Generic Name: dihydrocodeine bitartrate, brompheniramine maleate, pseudoephedrine hydrochloride
Dosage Form: oral liquid

Disclaimer: This drug has not been found by FDA to be safe and effective, and this labeling has not been approved by FDA. For further information about unapproved drugs, click here.

J-COF DHC

CIII
J-COF DHC
Liquid

Antitussive · Antihistamine
Decongestant
Rx Only

DESCRIPTION

Each teaspoonful (5 mL) for oral administration contains:
Dihydrocodeine Bitartrate..............................7.5 mg
(WARNING-May be habit forming)
Brompheniramine Maleate................................3 mg
Pseudoephedrine Hydrochloride.......................15 mg

This product contains the following inactive ingredients:
Glycerin, Propylene Glycol, Sorbitol, Citric Acid, Sodium Citrate, Sodium Saccharin, Grape Flavor, Purified Water.

Dihydrocodeine Bitartrate is an antitussive having the chemical name,Morphine-6-ol,4,5-epoxy-3-methoxy-17-methyl-,(5α,6α)-2,3-dihydroxybutanedioate (1:1) (salt).
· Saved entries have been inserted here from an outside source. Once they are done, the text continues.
(* Let $p:X\to Y$ be a covering map with finite fibers and with $X$ Hausdorff. Then every open cover $\mathcal V$ of $X$ has a refinement that is a covering structure of $p$.
   Context: A covering map $p:X\to Y$ is a continuous surjection such that every point of $Y$ has an open neighborhood $V$ with $p^{-1}(V)$ a disjoint union of open sets each mapped homeomorphically onto $V$. A slice of $p$ is an open set $U\subseteq X$ such that $p^{-1}(p(U))$ is the disjoint union of a family of open sets $U_s$ ($s\in S$), each mapped by $p$ homeomorphically onto $p(U)$, with $U=U_t$ for some $t\in S$. A covering structure of $p$ is an open cover $\mathcal S$ of $X$ by slices of $p$ such that for every $U\in\mathcal S$, $p^{-1}(p(U))$ is the disjoint union of a family $\{U_j\}_{j\in J}$ of elements of $\mathcal S$, each mapped homeomorphically onto $p(U)$. A refinement of $\mathcal V$ is an open cover each of whose elements is contained in some element of $\mathcal V$. *)

From Stdlib Require Import List.

Set Implicit Arguments.

Record topology (X : Type) := Topology {
  is_open : (X -> Prop) -> Prop;
  open_full : is_open (fun _ => True);
  open_inter : forall U V, is_open U -> is_open V -> is_open (fun x => U x /\ V x);
  open_union : forall F : (X -> Prop) -> Prop,
      (forall U, F U -> is_open U) -> is_open (fun x => exists U, F U /\ U x)
}.

Section TopDefs.
Variables (X Y : Type) (TX : topology X) (TY : topology Y).

Definition continuous (f : X -> Y) : Prop :=
  forall V, is_open TY V -> is_open TX (fun x => V (f x)).

Definition hausdorff : Prop :=
  forall x y : X, x <> y -> exists U V, is_open TX U /\ is_open TX V /\ U x /\ V y /\
    (forall z, ~ (U z /\ V z)).

Definition image (f : X -> Y) (U : X -> Prop) : Y -> Prop :=
  fun y => exists x, U x /\ f x = y.

(* p maps U homeomorphically onto V (subspace topologies on U and V):
   p|U is a bijection U -> V, continuous, with continuous inverse. *)
Definition maps_homeo_onto (p : X -> Y) (U : X -> Prop) (V : Y -> Prop) : Prop :=
  (forall x x', U x -> U x' -> p x = p x' -> x = x') /\
  (forall y, V y <-> image p U y) /\
  (forall W, is_open TY W -> exists O, is_open TX O /\
      forall x, U x -> (W (p x) <-> O x)) /\
  (forall O, is_open TX O -> exists W, is_open TY W /\
      forall y, V y -> (image p (fun x => U x /\ O x) y <-> W y)).

Definition open_disjoint_union (A : X -> Prop) (S : Type) (Us : S -> X -> Prop) : Prop :=
  (forall s, is_open TX (Us s)) /\
  (forall x, A x <-> exists s, Us s x) /\
  (forall s t x, Us s x -> Us t x -> s = t).

Definition covering_map (p : X -> Y) : Prop :=
  continuous p /\ (forall y, exists x, p x = y) /\
  forall y, exists V, is_open TY V /\ V y /\
    exists (S : Type) (Us : S -> X -> Prop),
      open_disjoint_union (fun x => V (p x)) Us /\
      forall s, maps_homeo_onto p (Us s) V.

Definition finite_fibers (p : X -> Y) : Prop :=
  forall y, exists l : list X, forall x, p x = y -> In x l.

Definition is_slice (p : X -> Y) (U : X -> Prop) : Prop :=
  is_open TX U /\
  exists (S : Type) (Us : S -> X -> Prop) (t : S),
    open_disjoint_union (fun x => image p U (p x)) Us /\
    (forall s, maps_homeo_onto p (Us s) (image p U)) /\
    (forall x, Us t x <-> U x).

Definition open_cover (C : (X -> Prop) -> Prop) : Prop :=
  (forall U, C U -> is_open TX U) /\ (forall x, exists U, C U /\ U x).

Definition covering_structure (p : X -> Y) (C : (X -> Prop) -> Prop) : Prop :=
  open_cover C /\ (forall U, C U -> is_slice p U) /\
  forall U, C U -> exists (J : Type) (Uj : J -> X -> Prop),
    (forall j, C (Uj j)) /\
    open_disjoint_union (fun x => image p U (p x)) Uj /\
    (forall j, maps_homeo_onto p (Uj j) (image p U)).

Definition refinement (W Vc : (X -> Prop) -> Prop) : Prop :=
  open_cover W /\ forall U, W U -> exists V, Vc V /\ forall x, U x -> V x.

End TopDefs.

(* Two observations drive the proof:
   - shrinking: if V is evenly covered by (U_s) and W is an open subset of V,
     then W is evenly covered by the restricted sheets U_s /\ p^-1(W);
   - every sheet U_s of an evenly covered V is a slice, and the whole family of
     sheets is the decomposition of p^-1(p(U_s)) demanded of a covering structure.
   Given an open cover Vc of X and y in Y, pick an evenly covered V containing y.
   For each of the finitely many points x of the fibre over y choose A_x in Vc
   containing x; since p is a homeomorphism on the sheet through x, the set
   p(sheet /\ A_x) is an open neighbourhood of y.  Shrinking V to the (finite)
   intersection W of these neighbourhoods makes every sheet over W lie in some
   member of Vc.  The sheets of all such "fine" evenly covered sets form the
   required covering structure. *)

From Stdlib Require Import List Classical.

Lemma open_nbhd_finite_inter (A Y : Type) (TY : topology Y) (y : Y)
  (Q : A -> (Y -> Prop) -> Prop) (l : list A) :
  (forall a, exists O, is_open TY O /\ O y /\ Q a O) ->
  exists W, is_open TY W /\ W y /\
    forall a, In a l -> exists O, Q a O /\ forall y', W y' -> O y'.
Proof.
  intros HQ. induction l as [|a l IHl].
  - exists (fun _ => True). split; [apply open_full | split; [exact I |]].
    intros a [].
  - destruct IHl as [W [HW [Wy HWl]]].
    destruct (HQ a) as [O [HO [Oy Qa]]].
    exists (fun y' => O y' /\ W y').
    split; [apply open_inter; assumption | split; [split; assumption |]].
    intros b [<- | Hb].
    + exists O. split; [exact Qa | intros y' [H _]; exact H].
    + destruct (HWl b Hb) as [O' [Qb HO']].
      exists O'. split; [exact Qb | intros y' [_ H]; exact (HO' y' H)].
Qed.

Section Sheets.
Variables (X Y : Type) (TX : topology X) (TY : topology Y) (p : X -> Y).

Lemma homeo_target_ext (U : X -> Prop) (V V' : Y -> Prop) :
  maps_homeo_onto TX TY p U V -> (forall y, V y <-> V' y) ->
  maps_homeo_onto TX TY p U V'.
Proof.
  intros [Hinj [Him [Hcont Hopen]]] HV.
  split; [exact Hinj | split; [| split; [exact Hcont |]]].
  - intro y. rewrite <- HV. apply Him.
  - intros O HO. destruct (Hopen O HO) as [W [HW HWp]].
    exists W. split; [exact HW |]. intros y Hy. apply HWp, HV, Hy.
Qed.

Lemma homeo_restrict (U : X -> Prop) (V W : Y -> Prop) :
  maps_homeo_onto TX TY p U V -> (forall y, W y -> V y) ->
  maps_homeo_onto TX TY p (fun z => U z /\ W (p z)) W.
Proof.
  intros [Hinj [Him [Hcont Hopen]]] HWV.
  split; [| split; [| split]].
  - intros x x' [Hx _] [Hx' _]. apply Hinj; assumption.
  - intro y. split.
    + intros Wy. destruct (proj1 (Him y) (HWV y Wy)) as [z [Uz <-]].
      exists z. auto.
    + intros [z [[_ Wz] <-]]. exact Wz.
  - intros O HO. destruct (Hcont O HO) as [O' [HO' HO'p]].
    exists O'. split; [exact HO' |]. intros x [Ux _]. auto.
  - intros O HO. destruct (Hopen O HO) as [W' [HW' HW'p]].
    exists W'. split; [exact HW' |]. intros y Wy.
    rewrite <- (HW'p y (HWV y Wy)). split.
    + intros [z [[[Uz _] Oz] Ez]]. exists z. auto.
    + intros [z [[Uz Oz] Ez]]. exists z. subst y. auto.
Qed.

Definition evenly_covered (V : Y -> Prop) (S : Type) (Us : S -> X -> Prop) : Prop :=
  is_open TY V /\ open_disjoint_union TX (fun x => V (p x)) Us /\
  forall s, maps_homeo_onto TX TY p (Us s) V.

Lemma covering_map_evenly_covered :
  covering_map TX TY p ->
  forall y, exists V S Us, evenly_covered V S Us /\ V y.
Proof.
  intros [_ [_ Hcov]] y.
  destruct (Hcov y) as [V [HV [Vy [S [Us [HU Hh]]]]]].
  exists V, S, Us. split; [split; [exact HV | split; [exact HU | exact Hh]] | exact Vy].
Qed.

(* Shrinking: an open subset of an evenly covered set is evenly covered by the
   restricted sheets (continuity of p keeps the restricted sheets open). *)
Lemma evenly_covered_shrink (V W : Y -> Prop) (S : Type) (Us : S -> X -> Prop) :
  continuous TX TY p -> evenly_covered V S Us ->
  is_open TY W -> (forall y, W y -> V y) ->
  evenly_covered W S (fun s z => Us s z /\ W (p z)).
Proof.
  intros Hcont [_ [[HUo [HUc HUd]] Hh]] HW HWV.
  split; [exact HW | split; [split; [| split] |]].
  - intro s. apply open_inter; [apply HUo | apply Hcont, HW].
  - intro x. split.
    + intros Wx. destruct (proj1 (HUc x) (HWV _ Wx)) as [s Hs]. exists s. auto.
    + intros [s [_ Wx]]. exact Wx.
  - intros s t x [Hs _] [Ht _]. exact (HUd s t x Hs Ht).
  - intro s. apply homeo_restrict with V; [apply Hh | exact HWV].
Qed.

Lemma sheet_image {V : Y -> Prop} {S : Type} {Us : S -> X -> Prop} :
  evenly_covered V S Us -> forall s y, image p (Us s) y <-> V y.
Proof.
  intros [_ [_ Hh]] s y. symmetry. apply (Hh s).
Qed.

Lemma sheet_decomposition {V : Y -> Prop} {S : Type} {Us : S -> X -> Prop} (s : S) :
  evenly_covered V S Us ->
  open_disjoint_union TX (fun x => image p (Us s) (p x)) Us /\
  forall t, maps_homeo_onto TX TY p (Us t) (image p (Us s)).
Proof.
  intros HV. pose proof (sheet_image HV s) as Him.
  destruct HV as [_ [[HUo [HUc HUd]] Hh]].
  split; [split; [exact HUo | split; [| exact HUd]] |].
  - intro x. rewrite Him. apply HUc.
  - intro t. apply homeo_target_ext with V; [apply Hh |].
    intro y. symmetry. apply Him.
Qed.

(* The part of the sheet through x lying over a small neighbourhood of p x is
   contained in a prescribed open neighbourhood A of x: take p(sheet /\ A). *)
Lemma sheet_into_open {V : Y -> Prop} {S : Type} {Us : S -> X -> Prop}
  {s : S} {x : X} {A : X -> Prop} :
  evenly_covered V S Us -> Us s x -> is_open TX A -> A x ->
  exists O, is_open TY O /\ O (p x) /\ forall z, Us s z -> O (p z) -> A z.
Proof.
  intros HV Hx HA Ax.
  pose proof (sheet_image HV s) as Him.
  destruct HV as [_ [_ Hh]].
  destruct (Hh s) as [Hinj [_ [_ Hopen]]].
  destruct (Hopen A HA) as [O [HO HOp]].
  exists O. split; [exact HO | split].
  - apply HOp; [apply Him; exists x; auto | exists x; auto].
  - intros z Hz Oz.
    assert (Vz : V (p z)) by (apply Him; exists z; auto).
    destruct (proj2 (HOp (p z) Vz) Oz) as [z' [[Hz' Az'] Ez']].
    rewrite (Hinj z z' Hz Hz' (eq_sym Ez')). exact Az'.
Qed.

Definition fine_sheets (Vc : (X -> Prop) -> Prop) {S : Type} (Us : S -> X -> Prop) : Prop :=
  forall s, exists A, Vc A /\ forall z, Us s z -> A z.

(* Main construction: every point of Y has an evenly covered neighbourhood whose
   sheets are finer than Vc; finiteness of the fibre keeps it open. *)
Lemma fine_evenly_covered_nbhd (Vc : (X -> Prop) -> Prop) :
  continuous TX TY p -> finite_fibers p -> open_cover TX Vc ->
  (forall y, exists V S Us, evenly_covered V S Us /\ V y) ->
  forall y, exists W S Us, evenly_covered W S Us /\ W y /\ fine_sheets Vc Us.
Proof.
  intros Hcont Hfin [HVco HVcc] Hev y.
  destruct (Hev y) as [V [S [Us [HV Vy]]]].
  pose proof (sheet_image HV) as Him.
  pose proof HV as [HVo [[_ [HUc HUd]] _]].
  assert (Hfibre : forall x, exists O, is_open TY O /\ O y /\
            (p x = y -> exists A, Vc A /\
               forall s z, Us s x -> Us s z -> O (p z) -> A z)).
  { intro x. destruct (classic (p x = y)) as [<- | Hne].
    - destruct (HVcc x) as [A [HA Ax]].
      destruct (proj1 (HUc x) Vy) as [s Hs].
      destruct (sheet_into_open HV Hs (HVco A HA) Ax) as [O [HO [Ox HOA]]].
      exists O. split; [exact HO | split; [exact Ox |]].
      intros _. exists A. split; [exact HA |].
      intros t z Ht Hz Oz. rewrite (HUd t s x Ht Hs) in Hz. exact (HOA z Hz Oz).
    - exists (fun _ => True). split; [apply open_full | split; [exact I |]].
      intros E. contradiction. }
  destruct (Hfin y) as [l Hl].
  destruct (open_nbhd_finite_inter _ _ TY y _ l Hfibre) as [Wl [HWl [Wly HWlp]]].
  set (W := fun y' => V y' /\ Wl y').
  exists W, S, (fun s z => Us s z /\ W (p z)).
  split.
  { apply (evenly_covered_shrink V W S Us Hcont HV).
    - apply open_inter; [exact HVo | exact HWl].
    - intros y' [Vy' _]. exact Vy'. }
  split; [split; assumption |].
  intro s. destruct (proj2 (Him s y) Vy) as [x [Hxs Hxy]].
  destruct (HWlp x (Hl x Hxy)) as [O [HQ HWO]].
  destruct (HQ Hxy) as [A [HA HAp]].
  exists A. split; [exact HA |].
  intros z [Hz [_ Wz]]. exact (HAp s z Hxs Hz (HWO _ Wz)).
Qed.

Definition fine_sheet (Vc : (X -> Prop) -> Prop) (U : X -> Prop) : Prop :=
  exists V S Us s, evenly_covered V S Us /\ fine_sheets Vc Us /\ U = Us s.

Lemma fine_sheet_open_cover (Vc : (X -> Prop) -> Prop) :
  (forall y, exists W S Us, evenly_covered W S Us /\ W y /\ fine_sheets Vc Us) ->
  open_cover TX (fine_sheet Vc).
Proof.
  intros Hfine. split.
  - intros U [V [S [Us [s [[_ [[HUo _] _]] [_ ->]]]]]]. apply HUo.
  - intro x. destruct (Hfine (p x)) as [W [S [Us [HW [Wx Hsm]]]]].
    pose proof HW as [_ [[_ [HUc _]] _]].
    destruct (proj1 (HUc x) Wx) as [s Hs].
    exists (Us s). split; [exists W, S, Us, s; auto | exact Hs].
Qed.

Lemma fine_sheet_refines (Vc : (X -> Prop) -> Prop) :
  open_cover TX (fine_sheet Vc) -> refinement TX (fine_sheet Vc) Vc.
Proof.
  intros Hcov. split; [exact Hcov |].
  intros U [V [S [Us [s [_ [Hsm ->]]]]]]. apply Hsm.
Qed.

Lemma fine_sheet_covering_structure (Vc : (X -> Prop) -> Prop) :
  open_cover TX (fine_sheet Vc) -> covering_structure TX TY p (fine_sheet Vc).
Proof.
  intros Hcov. split; [exact Hcov | split].
  - intros U HU. split; [apply (proj1 Hcov), HU |].
    destruct HU as [V [S [Us [s [HV [_ ->]]]]]].
    destruct (sheet_decomposition s HV) as [Hdu Hh].
    exists S, Us, s. split; [exact Hdu | split; [exact Hh | tauto]].
  - intros U [V [S [Us [s [HV [Hsm ->]]]]]].
    destruct (sheet_decomposition s HV) as [Hdu Hh].
    exists S, Us. split; [| split; [exact Hdu | exact Hh]].
    intro t. exists V, S, Us, t. auto.
Qed.

End Sheets.

Arguments fine_sheet {X Y} TX TY p Vc U.

Theorem lemma4p10 (X Y : Type) (TX : topology X) (TY : topology Y) (p : X -> Y) :
  covering_map TX TY p -> finite_fibers p -> hausdorff TX ->
  forall Vc : (X -> Prop) -> Prop, open_cover TX Vc ->
  exists C : (X -> Prop) -> Prop, refinement TX C Vc /\ covering_structure TX TY p C.
Proof.
  intros Hp Hfin _ Vc HVc.
  assert (Hcov : open_cover TX (fine_sheet TX TY p Vc)).
  { apply fine_sheet_open_cover, fine_evenly_covered_nbhd; auto.
    - apply Hp.
    - apply covering_map_evenly_covered, Hp. }
  exists (fine_sheet TX TY p Vc).
  split; [apply fine_sheet_refines | apply fine_sheet_covering_structure]; exact Hcov.
Qed.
It has the following structural formula:



Brompheniramine Maleate is an antihistamine having the chemical name, 2-Pyridinepropanamine,γ-(4-bromophenyl)-N,N-dimethyl-, (±)-,(Z)-2-butenedioate (1:1). with the following structure:



Pseudoephedrine Hydrochloride is a decongestant having the chemical name, Benzenemethanol, α-[1-(methylamino) ethyl]-, [S-(R*,R*)-, hydrochloride.  It has the following structural formula:




J-COF DHC - Clinical Pharmacology

Dihydrocodeine is a semisynthetic narcotic analgesic antitussive related to codeine, with multiple actions qualitatively similar to those of codeine:  the most prominent of these involve the central nervous system and organs with smooth muscle components.

Brompheniramine Maleate is an antihistamine antagonist, specifically an H1-receptor-blocking agent belonging to the alkylamine class of antihistamines.  Antihistamines appear to compete with histamine for receptor sites on effector cells.  Among the antihistamine effects, it antagonizes the allergic response (vasodilation, increased vascular permeability, increased mucus secretion) of nasal tissue.

Brompheniramine Maleate also has anticholinergic (drying) and sedative effects.  Urinary excretion is the major route of elimination, mostly as products of biodegradation; the liver is assumed to be the main site of metabolic transformation.

Pseudophedrine Hydrochloride is a sympathomimetic amine, which acts prodominately on alpha-receptors and has little action on beta-receptors.  It therefore functions as an oral nasal decongestant with minimal CNS stimulation.

Indications and Usage for J-COF DHC

This product is indicated for the temporary relief of cough and nasal congestion associated with upper respiratory tract infections and allergies.

Contraindications

This combination product is contraindicated  in patients with hypersensitivity to dihydrocodeine, codeine, or any of the active or inactive components listed above, or in any situation where opioids are contraindicated including significant respiratory depression (in unmonitored settings or in the absence of resuscitation equipment), acute or severe bronchial asthma or hypercapnia, and paralytic ileus.  Antihistamines are contraindicated in patients receiving antihypertensive or antidepressant drugs containing monoamine oxidase inhibitors (MAOI) since these agents may prolong and intensify the anticholinergic and CNS depressant effects of antihistamines (see Drug Interactions).

Antihistamines should not be used to treat or lower respiratory tract symptoms or be given to premature or newborn infants.

Sympathomemetic agents are contraindicated in patients with severe hypertension, severe coronary artery disease, patients with narrow angle glaucoma, bronchial asthma, urinary retention, peptic ulcer, and during an asthmatic attack.  This product is contraindicated in women who are pregnant.

Warnings

General:  Considerable caution should be exercised in patients with hypertension, diabetes mellitus, ischemic heart disease, hyperthyroidism, increased intraocular pressure, and prostatic hypertrophy.  The elderly (60 years and older) are more likely to exhibit adverse reactions.  Antihistamines may cause excitability, especially in children.  At dosages higher than the recommended dose, nervousness, dizziness, or sleeplessness may occur.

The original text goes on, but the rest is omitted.